Weihnachtswunsch für Julia

Adaja Kingsley

 

 

Für alle, die Fettnäpfe so zielsicher finden wie ich.

 

Adaja

 

Inhalt

1 Im Schnee

2 Klopf, klopf …

3 Adieu

4 Von allem befreit

5 Revenge

6 Wer zuletzt lacht …

7 Erster Weihnachtsfeiertag

8 Das Verhör

9 Die harte Realität

10 Falsches Spiel

11 Nichts als die Wahrheit

12 Aller Anfang ist schwer

13 Das Einstellungsgespräch

14 Das erste Date

15      Trügerisches Spiel

16 Der Schurke im Turm

 

Erster Akt:

Die Begegnung

1 Im Schnee

Seit letzter Nacht fällt Schnee. Wenn du jetzt durch den Wald gehst, ist er nicht mehr finster. Alle Geräusche sind gedämpft. Lautlos schweben die Flocken herab und hüllen alles in Wattemäntelchen und Puderzuckerglasur. Das Weiß deckt alles zu: Schönes und Unschönes – ohne Fragen zu stellen.

Inmitten dieser zauberhaften Winterillusion lausche ich dem Knirschen des Schnees unter meinen Sohlen. Eisiger Wind bläst dicke Flocken unter meinen Schal. Doch ich lasse mich nicht davon beirren und marschiere in die Richtung, von der ich hoffe, dass sie mich ans Ziel bringt. Mittlerweile sind meine Füße zu kalt, um sie überhaupt noch zu spüren. Kein Wunder, denn meine Kleidung ist völlig ungeeignet, um durch den Wald zu stapfen. Die dünnen Lederstiefeletten eignen sich im Winter allenfalls, um damit im Büro zu sitzen, und genau das ist auch mein Plan gewesen.

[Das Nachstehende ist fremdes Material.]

(* Let $\Gamma$ be a Deza graph with parameters $(n,k,k-1,a)$, $k>1$, $\beta=1$. Let $x,y$ be $NA$-vertices with $C(x)\ne C(y)$. Then (1) $x'$ and $y$ are adjacent if and only if $x$ and $y'$ are adjacent; (2) $x$ and $y$ are adjacent if and only if $x'$ and $y'$ are adjacent.
   Context: A Deza graph with parameters $(n,k,b,a)$, $a\le b$, is a $k$-regular graph on $n$ vertices in which any two distinct vertices have $a$ or $b$ common neighbours; $\beta$ is the number of vertices $u\ne v$ with exactly $b$ common neighbours with a given vertex $v$. Since $\beta=1$, for each vertex $x$ let $x_b$ denote the unique vertex having $b=k-1$ common neighbours with $x$. A vertex $x$ is an $A$-vertex if $x$ is adjacent to $x_b$, and an $NA$-vertex otherwise. For an $NA$-vertex $x$, $x'$ denotes the unique neighbour of $x$ not adjacent to $x_b$, $x_b'=(x')_b=(x_b)'$, and $C(x)=\{x,x',x_b,x_b'\}$. *)

From mathcomp Require Import all_boot.
Set Implicit Arguments. Unset Strict Implicit. Unset Printing Implicit Defensive.

Definition simple_graph (T : finType) (e : rel T) : Prop :=
  symmetric e /\ irreflexive e.

Definition nbhd (T : finType) (e : rel T) (x : T) : {set T} := [set y | e x y].

Definition common (T : finType) (e : rel T) (x y : T) : {set T} :=
  [set z | e x z && e y z].

Definition deza (T : finType) (e : rel T) (n k b a : nat) : Prop :=
  [/\ simple_graph e, #|T| = n, (forall x, #|nbhd e x| = k), a <= b &
      forall x y, x != y -> #|common e x y| = a \/ #|common e x y| = b].

Definition beta_at (T : finType) (e : rel T) (b : nat) (v : T) : nat :=
  #|[set u | (u != v) && (#|common e v u| == b)]|.

(* x_b : the (unique, when beta = 1) vertex with b = k-1 common neighbours with x *)
Definition xb (T : finType) (e : rel T) (k : nat) (x : T) : T :=
  odflt x [pick u | (u != x) && (#|common e x u| == k.-1)].

Definition A_vertex (T : finType) (e : rel T) (k : nat) (x : T) : bool :=
  e x (xb e k x).
Definition NA_vertex (T : finType) (e : rel T) (k : nat) (x : T) : bool :=
  ~~ e x (xb e k x).

Definition xprime (T : finType) (e : rel T) (k : nat) (x : T) : T :=
  odflt x [pick u | e x u && ~~ e u (xb e k x)].

Definition Cset (T : finType) (e : rel T) (k : nat) (x : T) : {set T} :=
  [set x; xprime e k x; xb e k x; xb e k (xprime e k x)].

From mathcomp Require Import all_boot.
Set Implicit Arguments. Unset Strict Implicit. Unset Printing Implicit Defensive.

(* Since beta = 1, x |-> x_b is a fixed-point-free involution and every vertex
   other than x and x_b has exactly a common neighbours with x.  The vertices x
   and x_b have the same neighbours except x' and x_b'; comparing the common
   neighbourhoods of x and x_b with any third vertex shows that x' and x_b' are
   in turn twins, whence (x')_b = (x_b)' and x'' = x.  Consequently, for w
   outside C(x), the set N(x) /\ N(w) minus {x', w'} is closed under
   z |-> z_b; as a = |N(x) /\ N(w)| is even (look at w = x' for an NA-vertex
   x), x' and w' lie in N(x) /\ N(w) together.  Taking w = y and w = y' gives
   the two equivalences. *)

Lemma even_card_involutive (T : finType) (f : T -> T) (E : {set T}) :
  involutive f -> (forall z, f z != z) -> {in E, forall z, f z \in E} ->
  ~~ odd #|E|.
Proof.
move=> fK fP; elim: {E}_.+1 {-2}E (ltnSn #|E|) => // m IHm E.
rewrite ltnS => leEm fE.
have [-> | [z Ez]] := set_0Vmem E; first by rewrite cards0.
have Efz := fE z Ez.
have cardE : #|E| = #|E :\ z :\ f z|.+2.
  by rewrite (cardsD1 z) (cardsD1 (f z) (E :\ z)) Ez !inE fP Efz.
rewrite cardE /= negbK; apply: IHm => [|u].
  by move: leEm; rewrite cardE => /ltnW.
rewrite !inE => /and3P[ufz uz Eu]; rewrite fE // andbT.
by rewrite (inj_eq (can_inj fK)) uz; apply: contra ufz => /eqP <-; rewrite fK.
Qed.

Lemma mem_eq_of_even_card (T : finType) (f : T -> T) (D : {set T}) (p q : T) :
  involutive f -> (forall z, f z != z) -> q != p ->
  {in D :\ p :\ q, forall z, f z \in D :\ p :\ q} -> ~~ odd #|D| ->
  (p \in D) = (q \in D).
Proof.
move=> fK fP qp fD; rewrite (cardsD1 p) (cardsD1 q (D :\ p)) !inE qp /=.
have /negPf odd_rest := even_card_involutive fK fP fD.
by case: (p \in D); case: (q \in D); rewrite ?add0n ?add1n /= ?odd_rest.
Qed.

Lemma pick_unique (T : finType) (P : pred T) (x0 : T) :
  #|[set x | P x]| = 1 -> forall u, P u = (u == odflt x0 [pick x | P x]).
Proof.
move/eqP/cards1P=> [c /setP defP].
have Pc u : P u = (u == c) by have := defP u; rewrite !inE.
by case: pickP => [x | /(_ c)]; rewrite Pc ?eqxx // => /eqP ->.
Qed.

Lemma commonC (T : finType) (e : rel T) :
  symmetric e -> forall u v, common e u v = common e v u.
Proof. by move=> e_sym u v; apply/setP=> z; rewrite !inE andbC. Qed.

Section DezaBetaOne.

Variables (T : finType) (e : rel T) (n k a : nat).
Hypotheses (dezaG : deza e n k k.-1 a) (k_gt0 : 0 < k)
  (beta1 : forall v, beta_at e k.-1 v = 1).

Local Notation xb := (xb e k).
Local Notation xprime := (xprime e k).

Let e_sym : symmetric e. Proof. by case: dezaG => -[]. Qed.
Let e_irr : irreflexive e. Proof. by case: dezaG => -[]. Qed.

Let adj_neq u z : e u z -> z != u.
Proof. by apply: contraTneq => ->; rewrite e_irr. Qed.

Lemma xbP v u : (u != v) && (#|common e v u| == k.-1) = (u == xb v).
Proof. exact: pick_unique (beta1 v) u. Qed.

Lemma xb_neq v : xb v != v.
Proof. by have := xbP v (xb v); rewrite eqxx => /andP[]. Qed.

Lemma card_common_xb v : #|common e v (xb v)| = k.-1.
Proof. by have := xbP v (xb v); rewrite eqxx => /andP[_ /eqP]. Qed.

Lemma card_common_other v u : u != v -> u != xb v -> #|common e v u| = a.
Proof.
move=> uv; have [_ _ _ _ /(_ v u)] := dezaG; rewrite eq_sym => /(_ uv).
by case=> // /eqP cvu; rewrite -xbP uv cvu.
Qed.

Lemma xbK : involutive xb.
Proof.
move=> v; apply/eqP; rewrite eq_sym -xbP (eq_sym v) xb_neq.
by rewrite (commonC e_sym) card_common_xb eqxx.
Qed.

Lemma xprimeP v u : e v u && ~~ e u (xb v) = (u == xprime v).
Proof.
apply: pick_unique u.
have -> : [set u | e v u && ~~ e u (xb v)] = nbhd e v :\: common e v (xb v).
  by apply/setP=> u; rewrite !inE (e_sym u); case: (e v u); rewrite /= ?andbT.
have [_ _ card_nbhd _ _] := dezaG.
rewrite cardsD (setIidPr _) ?card_nbhd ?card_common_xb.
  by rewrite -subn1 subKn.
by apply/subsetP=> u; rewrite !inE => /andP[].
Qed.

Lemma adj_xprime v : e v (xprime v).
Proof. by have := xprimeP v (xprime v); rewrite eqxx => /andP[]. Qed.

Lemma xprime_nadj_xb v : ~~ e (xprime v) (xb v).
Proof. by have := xprimeP v (xprime v); rewrite eqxx => /andP[]. Qed.

Lemma xprime_xb_nadj v : ~~ e (xprime (xb v)) v.
Proof. by rewrite -{2}(xbK v) xprime_nadj_xb. Qed.

Lemma adj_xb_eq v u : u != xprime v -> u != xprime (xb v) -> e (xb v) u = e v u.
Proof.
move=> u_v' u_xbv'; have := xprimeP v u; have := xprimeP (xb v) u.
rewrite xbK (negbTE u_v') (negbTE u_xbv') !(e_sym u).
by case: (e v u); case: (e (xb v) u).
Qed.

(* The common neighbourhoods of v and of v_b with y both have a elements and
   agree outside v' and v_b'. *)
Lemma adj_xprime_xb_eq v y :
  y != v -> y != xb v -> e (xprime (xb v)) y = e (xprime v) y.
Proof.
move=> yv yxb.
have common_eq : common e v y :\ xprime v = common e (xb v) y :\ xprime (xb v).
  apply/setP=> z; rewrite !inE.
  have [-> | zv'] := eqVneq z (xprime v).
    by rewrite (e_sym (xb v)) (negbTE (xprime_nadj_xb v)) andbF.
  have [-> | zxbv'] := eqVneq z (xprime (xb v)).
    by rewrite (e_sym v) (negbTE (xprime_xb_nadj v)).
  by rewrite adj_xb_eq.
have := cardsD1 (xprime v) (common e v y).
have := cardsD1 (xprime (xb v)) (common e (xb v) y).
rewrite -common_eq !card_common_other ?xbK // !inE !adj_xprime /= !(e_sym y).
by move=> -> /addIn; case: (e (xprime (xb v)) y); case: (e (xprime v) y).
Qed.

Lemma xb_xprime v : xb (xprime v) = xprime (xb v).
Proof.
have [_ _ card_nbhd _ _] := dezaG.
have common_eq : common e (xprime v) (xprime (xb v)) = nbhd e (xprime v) :\ v.
  apply/setP=> z; rewrite !inE.
  have [-> | zv] := eqVneq z v.
    by rewrite (negbTE (xprime_xb_nadj v)) andbF.
  have [-> | zxb] := eqVneq z (xb v).
    by rewrite (negbTE (xprime_nadj_xb v)).
  by rewrite adj_xprime_xb_eq ?andbb.
have card_common : #|common e (xprime v) (xprime (xb v))| = k.-1.
  have := cardsD1 v (nbhd e (xprime v)).
  rewrite common_eq card_nbhd inE e_sym adj_xprime add1n => k_eq.
  by rewrite [in RHS]k_eq.
have neq_xprime : xprime (xb v) != xprime v.
  by apply: contraTneq (adj_xprime (xb v)) => ->; rewrite e_sym xprime_nadj_xb.
by apply/esym/eqP; rewrite -xbP neq_xprime card_common eqxx.
Qed.

Lemma xprimeK : involutive xprime.
Proof.
move=> v; apply/esym/eqP; rewrite -xprimeP xb_xprime e_sym adj_xprime.
by rewrite e_sym xprime_xb_nadj.
Qed.

Lemma xprime_eq u v : (xprime u == v) = (u == xprime v).
Proof. by apply/eqP/eqP=> [<- | ->]; rewrite xprimeK. Qed.

Lemma nadj_xb_xprime u : ~~ e u (xb (xprime u)).
Proof. by rewrite xb_xprime e_sym xprime_xb_nadj. Qed.

Lemma xb_neq_xprime u z : e u z -> xb z != xprime u.
Proof. by apply: contraTneq => xbz; rewrite -(xbK z) xbz nadj_xb_xprime. Qed.

Lemma adj_xb u z : e u z -> z != xprime u -> e u (xb z).
Proof.
move=> uz zu'.
have uz' : u != xprime z by rewrite -xprime_eq eq_sym.
have uxbz' : u != xprime (xb z) by rewrite -xprime_eq eq_sym xb_neq_xprime.
by rewrite e_sym adj_xb_eq // e_sym.
Qed.

Lemma xb_common_closed u w :
  {in common e u w :\ xprime u :\ xprime w,
    forall z, xb z \in common e u w :\ xprime u :\ xprime w}.
Proof.
move=> z; rewrite !inE => /and4P[zw' zu' uz wz].
by rewrite (xb_neq_xprime wz) (xb_neq_xprime uz) !adj_xb.
Qed.

Lemma even_a_of_NA v : NA_vertex e k v -> ~~ odd a.
Proof.
rewrite /NA_vertex => NAv; have v'v := adj_neq (adj_xprime v).
have v'xb : xprime v != xb v by apply: contraNneq NAv => <-; apply: adj_xprime.
rewrite -(card_common_other v'v v'xb).
apply: even_card_involutive xbK xb_neq _ => z zS.
suff /xb_common_closed :
    z \in common e v (xprime v) :\ xprime v :\ xprime (xprime v).
  by rewrite !inE => /and3P[].
move: zS; rewrite xprimeK !inE => /andP[vz v'z].
by rewrite vz v'z (adj_neq vz) (adj_neq v'z).
Qed.

Lemma adj_xprime_swap u w : ~~ odd a -> w != u -> w != xb u ->
  xprime w != xprime u -> e (xprime u) w = e u (xprime w).
Proof.
move=> a_even wu wxb w'u'.
have := mem_eq_of_even_card xbK xb_neq w'u' (@xb_common_closed u w).
rewrite card_common_other // => /(_ a_even).
by rewrite !inE !adj_xprime andbT (e_sym (xprime u)).
Qed.

Lemma Cset_eq x y : y \in Cset e k x -> Cset e k y = Cset e k x.
Proof.
rewrite /Cset !inE -!orbA => /or4P[] /eqP ->.
all: rewrite ?xprimeK ?xb_xprime ?xbK ?xprimeK //.
all: by apply/setP=> z; rewrite !inE; do !case: eqP.
Qed.

End DezaBetaOne.

Theorem lemma16 (T : finType) (e : rel T) (n k a : nat) :
  deza e n k k.-1 a -> 1 < k ->
  (forall v : T, beta_at e k.-1 v = 1) ->
  forall x y : T,
    NA_vertex e k x -> NA_vertex e k y -> Cset e k x != Cset e k y ->
    (e (xprime e k x) y = e x (xprime e k y)) /\
    (e x y = e (xprime e k x) (xprime e k y)).
Proof.
(* Only x has to be an NA-vertex: this is what makes a even. *)
move=> dezaG /ltnW k_gt0 beta1 x y NAx _ CxCy.
have xprimeK := xprimeK dezaG k_gt0 beta1.
have xprime_eq := xprime_eq dezaG k_gt0 beta1.
have a_even := even_a_of_NA dezaG k_gt0 beta1 NAx.
have swap := adj_xprime_swap dezaG k_gt0 beta1 a_even.
have : y \notin Cset e k x.
  by apply: contra CxCy => /(Cset_eq dezaG k_gt0 beta1) ->.
rewrite !inE !negb_or (xb_xprime dezaG k_gt0 beta1).
case/andP=> /andP[/andP[yx yx'] yxb] yxb'.
split; first by rewrite swap // xprime_eq xprimeK.
by rewrite swap; rewrite ?xprimeK ?xprime_eq.
Qed.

Normalerweise mag ich dieses Wetter, aber heute verfluche ich es. Heute verfluche ich alles. Und zu allem Überfluss ist heute auch noch Heiligabend!

Welcher Irre vereinbart an Heiligabend einen Termin für ein Vorstellungsgespräch? Wobei dazu zwei gehören. Ein Irrer, der den Termin vorschlägt, und eine wie ich, die bescheuert und auch arm genug dran ist, um aus lauter Verzweiflung darauf einzugehen.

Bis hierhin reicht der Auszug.